In September 2021, the Biden administration issued an order to the Department of Homeland Security that only illegal aliens who posed a national security threat, had committed major crimes, or who crossed a U.S. border unlawfully after November 2020 be arrested and deported. The rule exempted the 11 million illegal aliens who have been living in the U.S. without permission for years from being arrested and deported, as long as they did not commit serious crimes.
That rule, established in a memo from Homeland Security Secretary Alejandro Mayorkas, limited ICE’s ability to arrest and deport illegal aliens to only those who committed a serious crime or threatened national security. The rule was challenged by the states of Texas and Louisiana, and a lower court agreed that the rule was too restrictive. After failing to get a lower court to overturn the order, Biden took his case to the Supreme Court.
A majority of the court decided to hear the merits of the challenge over the Mayorkas memo, but won’t immediately reinstate the rule, setting up oral arguments during its December session.
The Biden administration has said the policy is a proper exercise of the government’s broad powers to decide which cases to prioritize, arguing the rules allow ICE to use its limited enforcement resources to arrest immigrants who pose the gravest threats to national security, public safety and border security.
But Republicans lawmakers have called the rules too restrictive, saying they fail to deter illegal immigration.
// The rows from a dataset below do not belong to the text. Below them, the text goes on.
(* Assume Hypothesis C. Let $\hat s\in S$ be a multi-state, $L$ a labeling, and $\pi$ the priority rule keyed to $L$. Then the Evaluator (for $\hat s$, $L$, $\pi$) terminates with $V=V^{\pi}(\hat s)$.
   Context: There are $K$ bandits with pairwise disjoint finite nonempty state sets $N_1,\dots,N_K$; $N=N_1\cup\dots\cup N_K$; $b(j)$ is the $k$ with $j\in N_k$. Bandit $k$ has real transition rates $q(i,j)$ ($i,j\in N_k$) forming $q^k$ and real rewards $r(i)$ forming $r^k$. A multi-state $s$ contains exactly one state $s_k$ of each $N_k$; $S$ is the set of multi-states; $s_{\setminus k}=s\setminus\{s_k\}$. For a map $\delta:S\to\{1,\dots,K\}$ (stationary nonrandomized policy): $Q^{\delta}(s,t)=q(s_{\delta(s)},j)$ if $t=s_{\setminus\delta(s)}\cup\{j\}$ with $j\in N_{\delta(s)}$, else $0$; $R^{\delta}(s)=r(s_{\delta(s)})$; $V^{\delta}=(I-Q^{\delta})^{-1}R^{\delta}$. A matrix is transient if its powers tend to $0$ entrywise. Hypothesis C: each $q^k$ is entrywise nonnegative and transient, and at least one of: (RN) each $q^k$ is substochastic; (RA) $r(i)\le0$ for all $i\in N$; (RS) $r(i)\ge0$ for all $i\in N$. A labeling is an injective $L:N\cup\{0\}\to\{1,\dots,|N|+1\}$ with $L(0)=|N|+1$; the priority rule keyed to $L$ is $\pi(s)=\arg\min_k L(s_k)$. Finalized data: for each bandit $k$, start with the tableau $[(I-q^k),r^k]$ and $M=N_k$, writing the current tableau as $[(I-q),r]$; while $M\ne\emptyset$, let $i\in M$ minimize $L(i)$, multiply row $i$ by $1/[1-q(i,i)]$, for each $j\in M\setminus\{i\}$ add $q(j,i)$ (current value) times the updated row $i$ to row $j$, and remove $i$ from $M$. The final tableau $[(I-\tilde q^k),\tilde r^k]$ gives the finalized data $\tilde q(i,j),\tilde r(i)$. Evaluator: For each bandit $p$ define the vector $y^p\in\mathbb R^{N_p}$ by $y^p(j)=1$ if $j=\hat s_p$ and $y^p(j)=0$ otherwise. Set $V=0$. For $n=1,2,\dots,|N|$: let $i$ be the state with $L(i)=n$ and $k=b(i)$; replace $V$ by $V+\tilde r(i)\,y^k(i)\prod_{p\ne k}\big[\sum_{j\in N_p}y^p(j)\big]$; then for each $j\in N_k\setminus\{i\}$ replace $y^k(j)$ by $y^k(j)+y^k(i)\tilde q(i,j)$, and then set $y^k(i)=0$ (no other $y^p$ changes). *)

From HB Require Import structures.
From mathcomp Require Import all_boot all_order all_algebra.
Set Implicit Arguments. Unset Strict Implicit. Unset Printing Implicit Defensive.
Import Order.TTheory GRing.Theory Num.Theory.
Local Open Scope ring_scope.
In lawsuits, Republican-controlled states have also argued the guidelines violate laws that govern the detention of certain unauthorized immigrants, such as those with final deportation orders.
Previously, courts have sided with the executive regarding the president’s authority to prioritize immigration cases, and this court may still agree with past decisions. But the nature of Mayorkas’ memo was far too restrictive in enforcing immigration law, according to border state governors.
In its request to the Supreme Court earlier this month, the Justice Department said Tipton’s order contradicted the 6th Circuit Court of Appeals’ ruling. It also said Tipton’s ruling was part of a broader trend of lawsuits that “enmesh the Judiciary in policy disputes between States and the federal government that should be — and, until recently, were — resolved through the democratic process.”
Since January 2021, Republican-controlled states have filed more than a dozen lawsuits targeting President Biden’s immigration and border policies.
Those lawsuits have led federal judges, many of them appointed by former President Donald Trump, to block the Biden administration’s proposed 100-day deportation moratorium, halt earlier limits on ICE arrests and force U.S. border officials to continue expelling migrants under a public health authority.
Given that state attorneys general sued the Trump administration 138 times, perhaps the Biden administration should practice what it preaches.
A sampling of suits filed against the Trump administration by Democratic states:
Among the topics: the “travel ban“; the Deferred Action for Childhood Arrivals program, or DACA; family separations at the U.S.-Mexico border; the “national emergency” declaration to build the border wall; international student visas; student loan protections; clean water rules; transgender health care protections; automobile emissions; a citizenship question on the 2020 census; U.S. Postal Service operations; and Obamacare.
It’s likely that even the conservative court sitting now will grant the administration its wish and allow the rule to continue to be enforced. Of course, all this nonsense could be avoided if Congress would only pass intelligent immigration reform — just like the Constitution set them up to do.